What tongue can voice my thanks to Thee? I was heedless, Thou didst awaken me. I had turned back from Thee, Thou didst graciously aid me to turn towards Thee. I was as one dead, Thou didst quicken me with the water of life. I was withered, Thou didst revive me with the heavenly stream of Thine utterance which hath flowed forth from the Pen of the All-Merciful.

O Divine Providence!
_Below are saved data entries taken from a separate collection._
(* Let $\mathcal{M}=\{\nu_1,\dots,\nu_K\}$ be a finite set of probability measures on $\mathcal{A}^\infty$ ($\mathcal{A}$ finite or countable), and let $\varepsilon,\delta>0$. Consider the agent (Algorithm 1) that, using the uniform prior $w_\nu=1/K$ and Bayes mixture $\xi$, at each time step $t$ having observed $\omega_{<t}$ outputs $\xi(\cdot|\omega_{<t})$ if $\hat h_t(\omega_{<t})\le\varepsilon$ and outputs $\bot$ otherwise, then observes $\omega_t$. This agent is KWIK: for every $\mu\in\mathcal{M}$ it fails the run with $\mu$-probability at most $\delta$, and there is a finite number $B(\varepsilon,\delta)$ (depending also on $K$) such that, with $\mu$-probability at least $1-\delta$, it outputs $\bot$ at most $B(\varepsilon,\delta)$ times.
   Context: KWIK framework: the environment chooses an unknown $\mu\in\mathcal{M}$ and the sequence $\omega_1\omega_2\cdots$ is drawn from $\mu$. At each step $t$ the agent outputs either a predictive distribution $\rho(\cdot|\omega_{<t})$ on $\mathcal{A}$ or the symbol $\bot$; the run fails if the agent outputs $\rho$ with $h_{\omega_{<t}}(\rho,\mu)>\varepsilon$, otherwise $\omega_t$ is revealed and the run continues. Notation: $\mathcal{A}^\infty$ carries the $\sigma$-algebra generated by cylinders; $\rho(x):=\rho(\Gamma_x)$, $\rho(y|x):=\rho(xy)/\rho(x)$, $\omega_{<t}=\omega_1\cdots\omega_{t-1}$, $\rho_{<t}(\omega):=\rho(\omega_{<t})$. $\xi(A):=\frac1K\sum_{\nu\in\mathcal{M}}\nu(A)$. $h_x(\rho,\xi):=\sum_a(\sqrt{\rho(a|x)}-\sqrt{\xi(a|x)})^2$, $h_t(\nu,\xi)(\omega):=h_{\omega_{<t}}(\nu,\xi)$. With $w_\nu=1/K$ for all $\nu$, $\mathcal{M}_t:=\{\nu\in\mathcal{M}:\forall\tau\le t,\ \nu_{<\tau}/\xi_{<\tau}\ge\delta w_\mu/w_\nu\}=\{\nu:\forall\tau\le t,\ \nu_{<\tau}/\xi_{<\tau}\ge\delta\}$ and $\hat h_t:=\sup_{\nu\in\mathcal{M}_t}h_t(\nu,\xi)$. *)

From HB Require Import structures.
From mathcomp Require Import all_boot all_order all_algebra.
From mathcomp Require Import all_classical all_reals all_analysis.
Set Implicit Arguments. Unset Strict Implicit. Unset Printing Implicit Defensive.
Import Order.TTheory GRing.Theory Num.Theory.
Local Open Scope classical_set_scope.
Local Open Scope ring_scope.

(* Sequences omega = omega_1 omega_2 ... in A^oo are functions nat -> A
   (omega_{t} is  omega (t-1)). *)

(* omega_{<t} for t = n+1 : the prefix of length n *)
Definition prefix (A : Type) (w : nat -> A) (n : nat) : seq A :=
  map w (iota 0 n).

Definition cylinder (A : Type) (x : seq A) : set (nat -> A) :=
  [set w | prefix w (size x) = x].

Definition cylinders (A : Type) : set (set (nat -> A)) :=
  [set C | exists x : seq A, C = cylinder x].

Definition seqspace (A : pointedType) := g_sigma_algebraType (@cylinders A).

(* rho(x) := rho(Gamma_x), as a real number (probability measures are finite) *)
Definition cyl (R : realType) (A : pointedType)
  (rho : probability (seqspace A) R) (x : seq A) : R :=
  fine (rho (cylinder x)).

Definition mixture (R : realType) (A : pointedType) (K : nat)
  (nu : 'I_K -> probability (seqspace A) R) (x : seq A) : R :=
  (K%:R)^-1 * \sum_(i < K) cyl (nu i) x.

Definition condp (R : realType) (A : Type) (rho : seq A -> R) (x : seq A) (a : A) : R :=
  rho (rcons x a) / rho x.

Definition hell (R : realType) (A : choiceType) (x : seq A) (rho xi : seq A -> R)
  : \bar R :=
  (\esum_(a in [set: A]) (((Num.sqrt (condp rho x a) - Num.sqrt (condp xi x a)) ^+ 2)%:E))%E.

Definition inMt (R : realType) (A : Type) (delta : R) (nu xi : seq A -> R) (x : seq A) : Prop :=
  forall n, (n <= size x)%N -> delta <= nu (take n x) / xi (take n x).

Definition hath (R : realType) (A : pointedType) (K : nat)
  (nu : 'I_K -> probability (seqspace A) R) (delta : R) (x : seq A) : \bar R :=
  ereal_sup [set hell x (cyl (nu i)) (mixture nu) | i in [set i | inMt delta (cyl (nu i)) (mixture nu) x]].

Definition outputs_bot (R : realType) (A : pointedType) (K : nat)
  (nu : 'I_K -> probability (seqspace A) R) (eps delta : R) (x : seq A) : bool :=
  (eps%:E < hath nu delta x)%E.

(* The run (with environment mu) fails: at some time t the agent outputs
   rho = xi(.|omega_{<t}) (i.e. does not output bottom) and h_{omega_{<t}}(rho, mu) > eps *)
Definition run_fails (R : realType) (A : pointedType) (K : nat)
  (nu : 'I_K -> probability (seqspace A) R) (eps delta : R)
  (mu : probability (seqspace A) R) : set (seqspace A) :=
  [set w | exists n : nat, ~~ outputs_bot nu eps delta (prefix w n) /\
          (eps%:E < hell (prefix w n) (mixture nu) (cyl mu))%E].

Definition few_bots (R : realType) (A : pointedType) (K : nat)
  (nu : 'I_K -> probability (seqspace A) R) (eps delta : R) (B : nat) : set (seqspace A) :=
  [set w | forall N : nat, (\sum_(n < N) (outputs_bot nu eps delta (prefix w n) : nat) <= B)%N].

From Pilot Require Import Defs.
From HB Require Import structures.
From mathcomp Require Import all_boot all_order all_algebra.
From mathcomp Require Import all_classical all_reals all_analysis.
From mathcomp Require Import ring.
Set Implicit Arguments. Unset Strict Implicit. Unset Printing Implicit Defensive.
Import Order.TTheory GRing.Theory Num.Theory.
Local Open Scope classical_set_scope.
Local Open Scope ring_scope.
Local Notation prefix := Defs.prefix.

(* If the agent predicts at time t although h_t(xi, mu) > eps, then
   mu has left M_t, i.e. the likelihood ratio mu/xi dropped below delta at some
   tau <= t.  The ratio stopped at that time, multiplied by xi, is a
   supermartingale, so the drop has mu-probability at most delta.

   If the agent outputs bot after x, some nu_j in M_t has
   h_x(nu_j, xi) > eps and nu_j(x) >= delta xi(x) >= (delta/K) mu(x); hence
   mu(x) <= K/(eps delta) sum_j nu_j(x) h_x(nu_j, xi).  With b = sqrt(nu xi) one
   has b(x) h_x(nu, xi) = 2 b(x) - 2 sum_a b(xa), so the expected Hellinger sums
   telescope and are at most 2K.  The expected number of bottoms is thus at most
   2K^3/(eps delta), and Markov's inequality gives B. *)

Lemma esumZl (R : realType) (T : choiceType) (I : set T) (a : T -> \bar R) (r : R) :
  0 <= r -> (forall i, 0 <= a i)%E ->
  (\esum_(i in I) (r%:E * a i) = r%:E * \esum_(i in I) a i)%E.
Proof.
move=> r0 a0; rewrite /esum -ereal_supZl //; last first.
  by apply/set0P; exists 0%E; exists set0; [exact: fsets_set0|rewrite fsbig_set0].
congr ereal_sup; apply/seteqP; split => x /=.
- move=> [F FI <-]; exists (\sum_(i \in F) a i)%E; first by exists F.
  by rewrite ge0_mule_fsumr.
- by move=> [y [F FI <-] <-]; exists F => //; rewrite ge0_mule_fsumr.
Qed.

Lemma esumZr (R : realType) (T : choiceType) (I : set T) (a : T -> \bar R) (r : R) :
  0 <= r -> (forall i, 0 <= a i)%E ->
  (\esum_(i in I) (a i * r%:E) = (\esum_(i in I) a i) * r%:E)%E.
Proof.
by move=> r0 a0; rewrite muleC -esumZl//; apply: eq_esum => i _; exact: muleC.
Qed.
Arguments esumZl {R T} I a r.
Arguments esumZr {R T} I a r.

Lemma le_esum_nneg_subset (R : realType) (T : choiceType) (I J : set T)
    (a b : T -> \bar R) :
  I `<=` J -> (forall i, J i -> 0 <= b i)%E -> (forall i, I i -> a i <= b i)%E ->
  (\esum_(i in I) a i <= \esum_(i in J) b i)%E.
Proof.
move=> IJ b0 ab; rewrite (esum_mkcond I) (esum_mkcond J); apply: le_esum => i _.
case: ifPn => [/set_mem Ii|_]; first by rewrite ifT ?inE ?ab//; apply: IJ.
by case: ifPn => // /set_mem /b0.
Qed.

Lemma measure_bigcup_esum d (T : measurableType d) (R : realType)
    (mu : {measure set T -> \bar R}) (J : choiceType) (j0 : J) (F : J -> set T) :
  countable [set: J] -> (forall j, measurable (F j)) -> trivIset setT F ->
  mu (\bigcup_j F j) = (\esum_(j in setT) mu (F j))%E.
Proof.
move=> /countable_injP[f finj] mF tF.
pose g := 'pinv_(fun=> j0) setT f.
have gf j : g (f j) = j by apply: (pinvKV _ finj); rewrite in_setT.
have -> : \bigcup_j F j = \bigcup_(n in range f) F (g n).
  by rewrite bigcup_image; apply: eq_bigcupr => j _; rewrite gf.
rewrite measure_bigcup//; last first.
  by move=> n m [i _ <-] [j _ <-]; rewrite !gf => /(tF _ _ I I) ->.
rewrite nneseries_esum// set_mem_set esum_image//.
by apply: eq_esum => j _; rewrite gf.
Qed.

Lemma le_measure_nondecreasing_bigcup d (T : measurableType d) (R : realType)
    (mu : {measure set T -> \bar R}) (F : nat -> set T) (c : \bar R) :
  (forall n, measurable (F n)) -> {homo F : n m / (n <= m)%N >-> (n <= m)%O} ->
  (forall n, mu (F n) <= c)%E -> (mu (\bigcup_n F n) <= c)%E.
Proof.
move=> mF homF le.
have h := @nondecreasing_cvg_mu _ _ _ mu F mF (bigcupT_measurable _ mF) homF.
by rewrite -(cvg_lim _ h)//; apply: lime_le; [exact: cvgP h|exact: nearW].
Qed.

Lemma size_prefix (A : Type) (w : nat -> A) n : size (prefix w n) = n.
Proof. by rewrite /prefix size_map size_iota. Qed.

Lemma prefixS (A : Type) (w : nat -> A) n : prefix w n.+1 = rcons (prefix w n) (w n).
Proof. by rewrite /prefix -addn1 iotaD map_cat cats1. Qed.

Lemma take_prefix (A : Type) (w : nat -> A) m n :
  (m <= n)%N -> take m (prefix w n) = prefix w m.
Proof. by move=> mn; rewrite /prefix -map_take take_iota (minn_idPl mn). Qed.

Lemma measurable_cylinder (A : pointedType) (x : seq A) :
  measurable (cylinder x : set (seqspace A)).
Proof. by apply: sub_gen_smallest; exists x. Qed.

Lemma countable_seq (A : Type) : countable [set: A] -> countable [set: seq A].
Proof.
move=> /countable_injP[f finj]; apply/countable_injP.
have finj' : injective f by move=> a b; apply: finj; rewrite in_setT.
exists (fun s => pickle (map f s)) => s t _ _ /(pcan_inj pickleK).
exact: inj_map.
Qed.

Lemma prefix_setE (A : pointedType) n (Q : seq A -> Prop) :
  [set w : seqspace A | Q (prefix w n)] =
  \bigcup_x (if x \in [set x : seq A | size x = n /\ Q x] then cylinder x else set0).
Proof.
apply/seteqP; split => w /=.
- move=> Qw; exists (prefix w n) => //; rewrite ifT; last first.
    by rewrite inE /=; split => //; exact: size_prefix.
  by rewrite /cylinder /= size_prefix.
- by move=> [x _]; case: ifPn => //; rewrite inE => -[sx Qx]; rewrite /cylinder/= sx => ->.
Qed.

Lemma measurable_prefix_set (A : pointedType) n (Q : seq A -> Prop) :
  countable [set: A] -> measurable [set w : seqspace A | Q (prefix w n)].
Proof.
move=> cA; rewrite prefix_setE; apply: countable_bigcupT_measurable.
  exact: countable_seq.
by move=> x; case: ifPn => _; [exact: measurable_cylinder|exact: measurable0].
Qed.

Lemma measure_prefix_set (R : realType) (A : pointedType) (P : probability (seqspace A) R)
    n (Q : seq A -> Prop) : countable [set: A] ->
  P [set w : seqspace A | Q (prefix w n)] =
  (\esum_(x in [set x : seq A | size x = n /\ Q x]) P (cylinder x))%E.
Proof.
move=> cA; rewrite prefix_setE (measure_bigcup_esum _ [::]).
- rewrite [in RHS]esum_mkcond; apply: eq_esum => x _.
  by case: ifPn => _ //; rewrite measure0.
- exact: countable_seq.
- by move=> x; case: ifPn => _; [exact: measurable_cylinder|exact: measurable0].
- move=> x y _ _ [w []]; case: ifPn => [|_ []//]; rewrite inE => -[sx _].
  case: ifPn => [|_ _ []//]; rewrite inE => -[sy _].
  by rewrite /cylinder/= => <- <-; rewrite sx sy.
Qed.

Lemma cylinder_rcons_bigcup (A : pointedType) (x : seq A) :
  cylinder x = \bigcup_a (cylinder (rcons x a) : set (seqspace A)).
Proof.
apply/seteqP; split => w /=.
- by rewrite /cylinder/= => wx; exists (w (size x)) => //=; rewrite size_rcons prefixS wx.
- by move=> [a _]; rewrite /cylinder/= size_rcons prefixS => /rcons_inj[].
Qed.

Lemma measure_cylinder_rcons (R : realType) (A : pointedType)
    (P : probability (seqspace A) R) (x : seq A) : countable [set: A] ->
  P (cylinder x) = (\esum_(a in setT) P (cylinder (rcons x a)))%E.
Proof.
move=> cA; rewrite cylinder_rcons_bigcup (measure_bigcup_esum _ point)//.
- by move=> a; exact: measurable_cylinder.
- by move=> a b _ _ [w []]; rewrite /cylinder/= !size_rcons => -> /rcons_inj[].
Qed.

Lemma cylE (R : realType) (A : pointedType) (P : probability (seqspace A) R) (x : seq A) :
  (cyl P x)%:E = P (cylinder x).
Proof.
rewrite /cyl fineK// ge0_fin_numE//; apply: (le_lt_trans (probability_le1 _ _)).
  exact: measurable_cylinder.
by rewrite ltry.
Qed.

Lemma cyl_ge0 (R : realType) (A : pointedType) (P : probability (seqspace A) R) (x : seq A) :
  0 <= cyl P x.
Proof. by rewrite -lee_fin cylE. Qed.

Lemma cyl_nil (R : realType) (A : pointedType) (P : probability (seqspace A) R) :
  cyl P [::] = 1.
Proof.
rewrite /cyl; have -> : cylinder [::] = [set: seqspace A] by apply/seteqP; split.
by rewrite probability_setT.
Qed.

Definition level (A : Type) n := [set x : seq A | size x = n].

Record prefix_prob (R : realType) (A : choiceType) (p : seq A -> R) : Prop := PrefixProb {
  prefix_prob_ge0 : forall x, 0 <= p x;
  prefix_prob_nil : p [::] = 1;
  prefix_prob_rcons : forall x, (p x)%:E = (\esum_(a in setT) (p (rcons x a))%:E)%E }.

Lemma level0 (A : Type) : level 0 = [set [::] : seq A].
Proof. by apply/seteqP; split => x; rewrite /level/=; [move/size0nil|move=> ->]. Qed.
All existence is begotten by Thy bounty; deprive it not of the waters of Thy generosity, neither do Thou withhold it from the ocean of Thy mercy. I beseech Thee to aid and assist me at all times and under all conditions, and seek from the heaven of Thy grace Thine ancient favor. Thou art, in truth, the Lord of bounty, and the Sovereign of the kingdom of eternity.

—Bahá'u'lláh

15 October 2008

To be poor in all save God is a wondrous gift

On the occasion of today's Blog Action Day on the theme of poverty, I offer the following verse from the Hidden Words, which underscore the fundamental difference between material and spiritual riches:

O SON OF MY HANDMAID! Be not troubled in poverty nor confident in riches, for poverty is followed by riches, and riches are followed by poverty. Yet to be poor in all save God is a wondrous gift, belittle not the value thereof, for in the end it will make thee rich in God, and thus thou shalt know the meaning of the utterance, “In truth ye are the poor,” and the holy words, “God is the all-possessing,” shall even as the true morn break forth gloriously resplendent upon the horizon of the lover’s heart, and abide secure on the throne of wealth.